Occlusions and Partial Faces: Addressing occlusions, such as hair, glasses, or hands covering parts of the face, is a significant challenge when either trying to crop a face from an image or detect face landmarks. Detecting and accounting for these occlusions is crucial to ensure the cropped face includes the complete facial features required for accurate detection. Advanced techniques like occlusion detection and additional preprocessing steps can assist in handling these situations but it is usually more efficient to simply ensure that the user is aware of the face detection limitations and should avoid covering their face when possible.

With the above in mind, we tried two ways of cropping.

Center Cropping: This is the easiest to implement. We simply crop the largest possible square from the center of the image with its height equal to its width (when the images are in portrait orientation). To prevent the user from accidentally moving their face outside of this area we can overlay guidelines on the video image to indicate to the user the ideal position for their face. This method relies on the user to accurately position their face in the optimal location at the correct distance. If the user has difficulty with this, then we can change to Center Padding. This method adds a buffer area to the left and right of the image to turn the rectangle into a square. In this way, the user’s face will never be accidentally cropped but, by increasing the size of the image we will be reducing its accuracy.

Center Padding (left) vs Center Cropping (right): Padding will always contain the face but increases the size of the image with unnecessary space. Cropping is more space efficient but has the risk of losing part of face. Devices with very tall and thin screens will also have much more padding.

Face Detection Cropping: This uses a face detection model to determine the precise position of the whole face (without individual face landmarks) and will return a bounding rectangle with an origin: (x, y) and a size: (width, height). This will usually result in a rectangle that will probably need to be padded out on the right and left sides to make a square. We should avoid cropping the top and bottom of the rectangle to get a square, as this will remove the chin, etc, that may confuse the face landmark model. The advantage of this method is that the cropped area will only contain the face area giving the face landmark model the most accurate image possible.

Face Detection Cropping: Face detection will only use the face, regardless of size, which significantly increases face landmark detection accuracy but increases CPU computation load considerably.

In our project, we decided to use the face detection model. After face cropping, the image is resized smaller for the model. As the images we input to the model are only a few hundred pixels wide, having the face fill as much of the image as possible will give a wider range for the landmark positions to be assigned to. For example, the lips alone can have over 50 landmarks. Another advantage of using a face detection model is that the user is free to move around, and the model will still accurately locate their face. Even when the user is far away from the camera the app will still find and expand the image appropriately. On the other hand, adding another layer of intensive image processing will increase CPU usage resulting in faster battery depletion and an increase in temperature for mobile devices.

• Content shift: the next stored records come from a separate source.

Lemma acc_supported_lt a f : supported_in f (lt^~ a) -> Acc olt f.
Proof.
case: wo => wf _; elim: (wf a) f => {}a _ IH f fa.
have [->|[m fm fle]] := omega_pow0_or_max f.
  by constructor => g /nlt_omega_pow0.
exact: (acc_supported_le (IH m (fa _ fm))).
Qed.

Lemma omega_pow_wellorder : is_wellorder olt.
Proof.
split; last by split; [exact: omega_pow_lt_trans|exact: omega_pow_lt_total].
move=> f; have [->|[m fm fle]] := omega_pow0_or_max f.
  by constructor => g /nlt_omega_pow0.
exact: (acc_supported_le (@acc_supported_lt m)).
Qed.

End OmegaPow.

Lemma succ_lt_wellorder (A : Type) (lt : A -> A -> Prop) :
  is_wellorder lt -> is_wellorder (succ_lt lt).
Proof.
case=> wf [tr tot]; split; last split.
- have accS a : Acc (succ_lt lt) (Some a).
    elim: (wf a) => {}a _ IH; constructor=> -[b ba|[]]; exact: IH ba.
  by case=> [a|]; [exact: accS|constructor=> -[b _|[]]; exact: accS].
- by move=> [x|] [y|] [z|] //=; exact: tr.
- move=> [x|] [y|]; try by [right; left|right; right|left].
  by have [->|[xy|yx]] := tot x y; [left|right; left|right; right].
Qed.

Section OmegaPowSucc.
Variables (A : Type) (lt : A -> A -> Prop).
Hypothesis wo : is_wellorder lt.

Local Notation olt := (omega_pow_lt lt).
Local Notation olt' := (omega_pow_lt (succ_lt lt)).

Definition omega_mul_add_fun (n : nat) (t : omega_pow A) (o : option A) : nat :=
  if o is Some a then sval t a else n.

Lemma omega_mul_add_subproof n t :
  finite_set (fun o => omega_mul_add_fun n t o <> 0%N).
Proof.
apply: (@sub_finite_set _ _ ((Some @` (fun a => sval t a <> 0%N)) `|` [set None])).
  by move=> [a|] /= H; [left; exists a|right].
rewrite finite_setU; split; last exact: finite_set1.
exact/finite_image/(svalP t).
Qed.

(* With the exponent alpha of omega^(alpha + 1) represented by [None],
   [omega_mul_add n t] is the ordinal omega^alpha * n + t. *)
Definition omega_mul_add n t : omega_pow (option A) :=
  exist _ (omega_mul_add_fun n t) (omega_mul_add_subproof n t).

Lemma omega_pow_low_subproof (v : omega_pow (option A)) :
  finite_set (fun a => sval v (Some a) <> 0%N).
Proof.
rewrite (_ : (fun a => _) = Some @^-1` (fun o => sval v o <> 0%N)) //.
by apply: finite_preimage (svalP v) => x y _ _ [].
Qed.

Definition omega_pow_low (v : omega_pow (option A)) : omega_pow A :=
  exist _ (fun a => sval v (Some a)) (omega_pow_low_subproof v).

Lemma omega_mul_add_low v : v = omega_mul_add (sval v None) (omega_pow_low v).
Proof. by apply: omega_pow_ext => -[a|]. Qed.

Lemma omega_mul_add_lt2l n u t :
  olt' (omega_mul_add n u) (omega_mul_add n t) <-> olt u t.
Proof.
split=> [[[a|] [/= ut ab]]|[a [ut ab]]].
- by exists a; split => // b /(ab (Some b)).
- by rewrite ltnn in ut.
- by exists (Some a); split => // -[b|] //= /ab.
Qed.

Lemma omega_pow_succ_lt_top (v w : omega_pow (option A)) :
  (sval v None < sval w None)%N -> olt' v w.
Proof. by move=> vw; exists None; split => // -[b|]. Qed.

Lemma omega_pow_succ_top_le (v w : omega_pow (option A)) :
  olt' v w -> (sval v None <= sval w None)%N.
Proof. by move=> [[a|] [vw vwE]]; [rewrite (vwE None)|exact: ltnW]. Qed.

Lemma nlt_omega_mul_add00 v : ~ olt' v (omega_mul_add 0 (omega_pow0 A)).
Proof. by move=> [[a|] []]. Qed.

Lemma omega_mul_add_lt_next n t :
  olt' (omega_mul_add n t) (omega_mul_add n.+1 (omega_pow0 A)).
Proof. exact: omega_pow_succ_lt_top. Qed.

Lemma is_pred_omega_mul_add n u t :
  is_pred olt u t -> is_pred olt' (omega_mul_add n u) (omega_mul_add n t).
Proof.
move=> [ut Hut]; split; first exact/omega_mul_add_lt2l.
move=> v [uv vt].
have vn : sval v None = n.
  by apply/eqP; rewrite eqn_leq (omega_pow_succ_top_le vt) (omega_pow_succ_top_le uv).
rewrite (omega_mul_add_low v) vn !omega_mul_add_lt2l in uv vt.
exact: Hut (conj uv vt).
Qed.

Lemma limit_omega_mul_add n t :
  (exists u, olt u t) -> (forall u, ~ is_pred olt u t) ->
  (exists v, olt' v (omega_mul_add n t)) /\
  (forall v, ~ is_pred olt' v (omega_mul_add n t)).
Proof.
move=> [u ut] nopred; split; first by exists (omega_mul_add n u); apply/omega_mul_add_lt2l.
move=> p [pt Hpt]; move: (omega_pow_succ_top_le pt); rewrite /= leq_eqVlt.
case/orP => [/eqP pn|p_lt].
  rewrite (omega_mul_add_low p) pn in pt Hpt.
  apply: (nopred (omega_pow_low p)); split; first by rewrite -(omega_mul_add_lt2l n).
  by move=> w [pw wt]; apply: (Hpt (omega_mul_add n w)); rewrite !omega_mul_add_lt2l.
apply: (Hpt (omega_mul_add n u)); split; first exact: omega_pow_succ_lt_top.
exact/omega_mul_add_lt2l.
Qed.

Examples of Center Padding vs Center Cropping vs Face Detection Cropping

In deciding which cropping method is most suitable for your use case, please look at the below examples. They show exactly how the images will appear depending on how far the person is away from the camera. Note that center cropping can be effective only if the user actively positions themselves within the center cropping area, otherwise the cropped image may be unusable.

The top line shows Center Padding, the middle line shows Center Cropping and the bottom line shows Face Detection Cropping. ✅ is for images suitable for face landmark detection. ⚠️ is for images that may not be usable for face landmark detection (very small or partially cropped faces etc). ❌ is for images that are not usable for face landmark detection (faces that are badly cropped or obscured etc).

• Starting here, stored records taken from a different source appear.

(* In the setting of the two-instance Bernoulli lower bound (instances $\mathcal P_1$: arms $\mathrm{Ber}(p_0),\mathrm{Ber}(p_0-\epsilon)$; $\mathcal P_2$: swapped; approx-oracle allocation $\tilde T_i^*=n\,\mathfrak c(q_i)^{1/\alpha}/(\mathfrak c(q_1)^{1/\alpha}+\mathfrak c(q_2)^{1/\alpha})$ with $q_i$ the parameter of arm $i$), take $p_0=3/4$ and $\epsilon=1/(4\sqrt n)$, and let $(\mathfrak c,\alpha)$ be any one of the following: (i) $\mathfrak c(p)=1-p^2-(1-p)^2$, $\alpha=1$ ($\ell_2^2$-distance); (ii) $\mathfrak c(p)=2\sqrt{p(1-p)}$, $\alpha=1/2$ ($\ell_1$-distance); (iii) $\mathfrak c(p)=\sqrt{1/p-1}+\sqrt{1/(1-p)-1}$, $\alpha=1/2$ (separation distance). Then there is an absolute constant $C>0$ such that for all $n\ge2$ and every adaptive allocation scheme with budget $n$, $$\max_{\mathcal P\in\{\mathcal P_1,\mathcal P_2\}}\ \max_{i\in\{1,2\}}\ \mathbb E_{\mathcal P}\big[|T_i-\tilde T_i^*|\big]\;\ge\;C\sqrt n .$$
   Context: An adaptive allocation scheme with budget $n$ selects at each round $t=1,\dots,n$ one of two arms based on the past selections and observations; the selected arm yields an independent Bernoulli draw with its parameter. $T_i$ is the total number of pulls of arm $i$ ($T_1+T_2=n$), and $\mathbb E_{\mathcal P}$ is expectation under instance $\mathcal P$. *)

From Stdlib Require Import Reals Lra List.
Import ListNotations.
Open Scope R_scope.

(* A history is the chronological list of (selected arm, observation) pairs.
   Arm 1 is encoded by [true], arm 2 by [false]; an observation is a Bernoulli
   outcome (true = 1, false = 0). *)
Definition history := list (bool * bool).

Definition policy := history -> bool.

Fixpoint expect (pol : policy) (q1 q2 : R) (k : nat) (h : history)
    (f : history -> R) : R :=
  match k with
  | O => f h
  | S k' =>
      let a := pol h in
      let q := if a then q1 else q2 in
      q * expect pol q1 q2 k' (h ++ [(a, true)]) f
      + (1 - q) * expect pol q1 q2 k' (h ++ [(a, false)]) f
  end.

Definition E_inst (pol : policy) (q1 q2 : R) (n : nat) (f : history -> R) : R :=
  expect pol q1 q2 n [] f.

Definition pulls (i : bool) (h : history) : R :=
  INR (length (filter (fun x => Bool.eqb (fst x) i) h)).

Definition oracle_alloc (c : R -> R) (alpha : R) (n : nat) (q1 q2 : R)
    (i : bool) : R :=
  INR n * Rpower (c (if i then q1 else q2)) (1 / alpha)
  / (Rpower (c q1) (1 / alpha) + Rpower (c q2) (1 / alpha)).

Definition dev (c : R -> R) (alpha : R) (pol : policy) (n : nat) (q1 q2 : R)
    (i : bool) : R :=
  E_inst pol q1 q2 n (fun h => Rabs (pulls i h - oracle_alloc c alpha n q1 q2 i)).

Definition c_l2 (p : R) : R := 1 - p ^ 2 - (1 - p) ^ 2.
Definition c_l1 (p : R) : R := 2 * sqrt (p * (1 - p)).
Definition c_sep (p : R) : R := sqrt (1 / p - 1) + sqrt (1 / (1 - p) - 1).

Definition p0 : R := 3 / 4.
Definition eps (n : nat) : R := 1 / (4 * sqrt (INR n)).

(* The expected deviations of T_1 from two targets x and y under the two
   instances add up to at least |x - y| times the overlap sum_h min (P h, Q h)
   of the laws of the history, and the overlap is at least half the squared
   Bhattacharyya affinity.  The affinity factorizes along the history into
   one-step affinities of Bernoulli laws, each at least 1 - 3 eps^2 / 2, so it
   is at least (1 - 3 eps^2 / 2)^n >= 29/32 because n eps^2 = 1/16.  In each of
   the three cases c(q)^(1/alpha) is a constant multiple of q (1 - q) or of its
   inverse; moving q = 3/4 by eps changes q (1 - q) by a relative amount of at
   least eps/2, so the oracle allocations of arm 1 on the two instances differ
   by at least n eps / 2 = sqrt n / 8. *)

From Stdlib Require Import Reals Lra Lia Psatz List.
Import ListNotations.
Open Scope R_scope.

Definition bern_affinity (q r : R) : R := sqrt (q * r) + sqrt ((1 - q) * (1 - r)).

Lemma bern_affinityC (q r : R) : bern_affinity q r = bern_affinity r q.
Proof. unfold bern_affinity; rewrite (Rmult_comm q), (Rmult_comm (1 - q)); reflexivity. Qed.

Lemma sqrt_ge_of_sqr_le (a b : R) : 0 <= a -> a * a <= b -> a <= sqrt b.
Proof.
  intros Ha Hab. rewrite <- (sqrt_square a) by exact Ha.
  apply sqrt_le_1_alt; exact Hab.
Qed.

Lemma bern_affinity_p0_ge (e : R) : 0 < e <= 1 / 4 ->
  1 - 3 / 2 * e ^ 2 <= bern_affinity p0 (p0 - e).
Proof.
  intros He; unfold bern_affinity, p0.
  assert (3/4 - e/2 - e^2/2 <= sqrt (3/4 * (3/4 - e))) by (apply sqrt_ge_of_sqr_le; nra).
  assert (1/4 + e/2 - e^2 <= sqrt ((1 - 3/4) * (1 - (3/4 - e)))) by (apply sqrt_ge_of_sqr_le; nra).
  lra.
Qed.

Lemma pow_one_sub_ge (t : R) (n : nat) : 0 <= t <= 1 -> 1 - INR n * t <= (1 - t) ^ n.
Proof.
  intros Ht; induction n as [|n IH]; [simpl; lra|].
  rewrite S_INR; simpl. pose proof (pos_INR n). nra.
Qed.

Lemma Rmin_ge_sqrt_mul (s x y : R) : 0 <= x -> 0 <= y ->
  2 * s * sqrt (x * y) - s ^ 2 * (x + y) <= Rmin x y.
Proof.
  intros Hx Hy. rewrite sqrt_mult by lra.
  rewrite <- (sqrt_sqrt x) at 2 3 by lra. rewrite <- (sqrt_sqrt y) at 2 3 by lra.
  pose proof (sqrt_pos x) as Hu; pose proof (sqrt_pos y) as Hv.
  set (u := sqrt x) in *; set (v := sqrt y) in *.
  (* for u <= v: u^2 - 2suv + s^2 u^2 + s^2 v^2 = (u - s v)^2 + (s u)^2 *)
  destruct (Rle_dec u v).
  - rewrite Rmin_left by nra.
    pose proof (pow2_ge_0 (u - s * v)); pose proof (pow2_ge_0 (s * u)); nra.
  - rewrite Rmin_right by nra.
    pose proof (pow2_ge_0 (v - s * u)); pose proof (pow2_ge_0 (s * v)); nra.
Qed.

Lemma Rmin_mul_le (x y f g D : R) : 0 <= x -> 0 <= y -> 0 <= f -> 0 <= g ->
  D <= f + g -> Rmin x y * D <= x * f + y * g.
Proof.
  intros Hx Hy Hf Hg HfgD.
  pose proof (Rmin_l x y); pose proof (Rmin_r x y); pose proof (Rmin_glb x y 0 Hx Hy).
  nra.
Qed.

Lemma expect_const (pol : policy) (q1 q2 : R) (k : nat) :
  forall (h : history) (v : R), expect pol q1 q2 k h (fun _ => v) = v.
Proof. induction k as [|k IH]; intros h v; simpl; [|rewrite !IH]; ring. Qed.

Section JointSum.

Variables (pol : policy) (q1 q2 r1 r2 : R).

(* [joint_sum k h x y F] is the sum, over all continuations [h'] of [h] by [k]
   rounds, of [F h' (x * P(h'|h)) (y * Q(h'|h))], where P and Q are the laws
   of the scheme on the instances (q1, q2) and (r1, r2). *)
Fixpoint joint_sum (k : nat) (h : history) (x y : R)
    (F : history -> R -> R -> R) : R :=
  match k with
  | O => F h x y
  | S k' =>
      let q := if pol h then q1 else q2 in
      let r := if pol h then r1 else r2 in
      joint_sum k' (h ++ [(pol h, true)]) (x * q) (y * r) F
      + joint_sum k' (h ++ [(pol h, false)]) (x * (1 - q)) (y * (1 - r)) F
  end.

Lemma joint_sum_expect_l (k : nat) : forall h x y f,
  joint_sum k h x y (fun h' x' _ => x' * f h') = x * expect pol q1 q2 k h f.
Proof. induction k as [|k IH]; intros; simpl; [|rewrite !IH]; ring. Qed.

Lemma joint_sum_expect_r (k : nat) : forall h x y f,
  joint_sum k h x y (fun h' _ y' => y' * f h') = y * expect pol r1 r2 k h f.
Proof. induction k as [|k IH]; intros; simpl; [|rewrite !IH]; ring. Qed.

Lemma joint_sum_add (k : nat) : forall h x y F G,
  joint_sum k h x y (fun h' x' y' => F h' x' y' + G h' x' y')
  = joint_sum k h x y F + joint_sum k h x y G.
Proof. induction k as [|k IH]; intros; simpl; [|rewrite !IH]; ring. Qed.

Lemma joint_sum_scal (k : nat) : forall h x y c F,
  joint_sum k h x y (fun h' x' y' => c * F h' x' y') = c * joint_sum k h x y F.
Proof. induction k as [|k IH]; intros; simpl; [|rewrite !IH]; ring. Qed.

Hypotheses (Hq1 : 0 <= q1 <= 1) (Hq2 : 0 <= q2 <= 1)
           (Hr1 : 0 <= r1 <= 1) (Hr2 : 0 <= r2 <= 1).

Lemma joint_sum_le (F G : history -> R -> R -> R) :
  (forall h x y, 0 <= x -> 0 <= y -> F h x y <= G h x y) ->
  forall k h x y, 0 <= x -> 0 <= y -> joint_sum k h x y F <= joint_sum k h x y G.
Proof.
  intros HFG k; induction k as [|k IH]; intros h x y Hx Hy; simpl; [auto|].
  destruct (pol h); apply Rplus_le_compat; apply IH; nra.
Qed.

Definition overlap (k : nat) : R := joint_sum k [] 1 1 (fun _ x y => Rmin x y).
Definition affinity (k : nat) : R := joint_sum k [] 1 1 (fun _ x y => sqrt (x * y)).

Lemma joint_sum_sqrt_ge_pow (rho : R) : 0 <= rho ->
  rho <= bern_affinity q1 r1 -> rho <= bern_affinity q2 r2 ->
  forall k h x y, 0 <= x -> 0 <= y ->
  rho ^ k * sqrt (x * y) <= joint_sum k h x y (fun _ x' y' => sqrt (x' * y')).
Proof.
  intros Hrho H1 H2 k; induction k as [|k IH]; intros h x y Hx Hy; simpl; [lra|].
  assert (Hsplit : forall a b, 0 <= a <= 1 -> 0 <= b <= 1 ->
    sqrt (x * a * (y * b)) + sqrt (x * (1 - a) * (y * (1 - b)))
    = sqrt (x * y) * bern_affinity a b).
  { intros a b Ha Hb; unfold bern_affinity.
    rewrite Rmult_plus_distr_l, <- !sqrt_mult by nra. f_equal; f_equal; ring. }
  assert (Hxy := sqrt_pos (x * y)); assert (Hk := pow_le rho k Hrho).
  destruct (pol h).
  - pose proof (IH (h ++ [(true, true)]) (x * q1) (y * r1) ltac:(nra) ltac:(nra)).
    pose proof (IH (h ++ [(true, false)]) (x * (1 - q1)) (y * (1 - r1)) ltac:(nra) ltac:(nra)).
    pose proof (Hsplit q1 r1 Hq1 Hr1).
    pose proof (Rmult_le_compat_l (rho ^ k * sqrt (x * y)) _ _ ltac:(nra) H1). nra.
  - pose proof (IH (h ++ [(false, true)]) (x * q2) (y * r2) ltac:(nra) ltac:(nra)).
    pose proof (IH (h ++ [(false, false)]) (x * (1 - q2)) (y * (1 - r2)) ltac:(nra) ltac:(nra)).
    pose proof (Hsplit q2 r2 Hq2 Hr2).
    pose proof (Rmult_le_compat_l (rho ^ k * sqrt (x * y)) _ _ ltac:(nra) H2). nra.
Qed.

Lemma affinity_ge_pow (rho : R) (k : nat) : 0 <= rho ->
  rho <= bern_affinity q1 r1 -> rho <= bern_affinity q2 r2 -> rho ^ k <= affinity k.
Proof.
  intros Hrho H1 H2.
  pose proof (joint_sum_sqrt_ge_pow rho Hrho H1 H2 k [] 1 1 ltac:(lra) ltac:(lra)).
  unfold affinity. rewrite Rmult_1_l, sqrt_1, Rmult_1_r in *. assumption.
Qed.

Lemma overlap_ge_affinity_sqr (k : nat) : affinity k ^ 2 / 2 <= overlap k.
Proof.
  set (s := affinity k / 2).
  pose proof (joint_sum_le
    (fun _ x y => 2 * s * sqrt (x * y) + - s ^ 2 * (x * 1) + - s ^ 2 * (y * 1))
    (fun _ x y => Rmin x y)
    (fun _ x y Hx Hy => ltac:(pose proof (Rmin_ge_sqrt_mul s x y Hx Hy); lra))
    k [] 1 1 ltac:(lra) ltac:(lra)) as Hle.
  rewrite !joint_sum_add, !joint_sum_scal, joint_sum_expect_l, joint_sum_expect_r,
    !expect_const in Hle.
  fold (affinity k) (overlap k) in Hle.
  unfold s in *. lra.
Qed.

Lemma expect_add_ge_overlap (k : nat) (f g : history -> R) (D : R) :
  (forall h, 0 <= f h) -> (forall h, 0 <= g h) -> (forall h, D <= f h + g h) ->
  D * overlap k <= expect pol q1 q2 k [] f + expect pol r1 r2 k [] g.
Proof.
  intros Hf Hg Hfg.
  rewrite <- (Rmult_1_l (expect pol q1 q2 k [] f)), <- (Rmult_1_l (expect pol r1 r2 k [] g)).
  rewrite <- (joint_sum_expect_l k [] 1 1), <- (joint_sum_expect_r k [] 1 1), <- joint_sum_add.
  unfold overlap. rewrite <- joint_sum_scal.
  apply joint_sum_le; [|lra|lra].
  intros h x y Hx Hy. rewrite Rmult_comm. apply Rmin_mul_le; auto.
Qed.

End JointSum.

Lemma pulls_dev_sum_ge (pol : policy) (n : nat) (e x y : R) :
  0 < e <= 1 / 4 -> INR n * e ^ 2 <= 1 / 16 ->
  Rabs (x - y) / 4 <=
  E_inst pol p0 (p0 - e) n (fun h => Rabs (pulls true h - x))
  + E_inst pol (p0 - e) p0 n (fun h => Rabs (pulls true h - y)).
Proof.
  intros He Hne.
  assert (Hp : 0 <= p0 <= 1) by (unfold p0; lra).
  assert (Hpe : 0 <= p0 - e <= 1) by (unfold p0; lra).
  set (rho := 1 - 3 / 2 * e ^ 2).
  assert (Hrho : 0 <= rho <= 1) by (unfold rho; nra).
  assert (Haff : rho ^ n <= affinity pol p0 (p0 - e) (p0 - e) p0 n).
  { apply (affinity_ge_pow _ _ _ _ _ Hp Hpe Hpe Hp); [lra|apply bern_affinity_p0_ge; lra|].
    rewrite bern_affinityC. apply bern_affinity_p0_ge; lra. }
  assert (Hpow : 29 / 32 <= rho ^ n).
  { pose proof (pow_one_sub_ge (3 / 2 * e ^ 2) n ltac:(nra)). unfold rho. nra. }
  pose proof (overlap_ge_affinity_sqr pol p0 (p0 - e) (p0 - e) p0 Hp Hpe Hpe Hp n).
  assert (Htri : forall h, Rabs (x - y) <= Rabs (pulls true h - x) + Rabs (pulls true h - y)).
  { intros h. rewrite (Rabs_minus_sym (pulls true h) x).
    replace (x - y) with ((x - pulls true h) + (pulls true h - y)) by ring.
    apply Rabs_triang. }
  pose proof (expect_add_ge_overlap pol p0 (p0 - e) (p0 - e) p0 Hp Hpe Hpe Hp n
    (fun h => Rabs (pulls true h - x)) (fun h => Rabs (pulls true h - y)) (Rabs (x - y))
    (fun h => Rabs_pos _) (fun h => Rabs_pos _) Htri).
  pose proof (Rabs_pos (x - y)).
  assert (1 / 4 <= overlap pol p0 (p0 - e) (p0 - e) p0 n) by nra.
  unfold E_inst. nra.
Qed.

Definition rel_gap (a b : R) : R := Rabs (a - b) / (a + b).

Lemma rel_gap_scal (k a b : R) : 0 < k -> 0 < a -> 0 < b ->
  rel_gap (k * a) (k * b) = rel_gap a b.
Proof.
  intros Hk Ha Hb; unfold rel_gap.
  rewrite <- Rmult_minus_distr_l, <- Rmult_plus_distr_l, Rabs_mult, (Rabs_pos_eq k) by lra.
  field; lra.
Qed.

Lemma rel_gap_inv (a b : R) : 0 < a -> 0 < b -> rel_gap (/ a) (/ b) = rel_gap a b.
Proof.
  intros Ha Hb; unfold rel_gap.
  replace (/ a - / b) with ((b - a) * / (a * b)) by (field; lra).
  rewrite Rabs_mult, (Rabs_pos_eq (/ (a * b))), Rabs_minus_sym
    by (left; apply Rinv_0_lt_compat; nra).
  field; nra.
Qed.

Lemma rel_gap_ge (k a b : R) : 0 < a + b -> k * (a + b) <= Rabs (a - b) -> k <= rel_gap a b.
Proof.
  intros Hab Hk; unfold rel_gap.
  replace k with (k * (a + b) / (a + b)) by (field; lra).
  apply Rmult_le_compat_r; [left; apply Rinv_0_lt_compat|]; lra.
Qed.

Lemma rel_gap_variance_p0_ge (e : R) : 0 < e <= 1 / 4 ->
  e / 2 <= rel_gap (p0 * (1 - p0)) ((p0 - e) * (1 - (p0 - e))).
Proof.
  intros He; unfold p0; apply rel_gap_ge; [nra|].
  rewrite Rabs_minus_sym, Rabs_pos_eq; nra.
Qed.

Lemma c_l2_eq (p : R) : c_l2 p = 2 * (p * (1 - p)).
Proof. unfold c_l2; ring. Qed.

Cropping Comparison (Far): The difference in face size is obvious. The face in the Center Padding image is so small compared to the Face Detection image that it may result in the face landmark model not being able to recognize it. The Center Cropped image has accidentally cropped the face rendering it completely unusable by the face landmark model.

Cropping Comparison (Middle): The difference in face size is not so large. The face in the Center Padding image is about one-fourth the size of the Face Detection image which will result in low-accuracy face landmark results. The Center Cropped image has slightly cropped the head which may render it unusable by the face landmark model or produce incorrect results.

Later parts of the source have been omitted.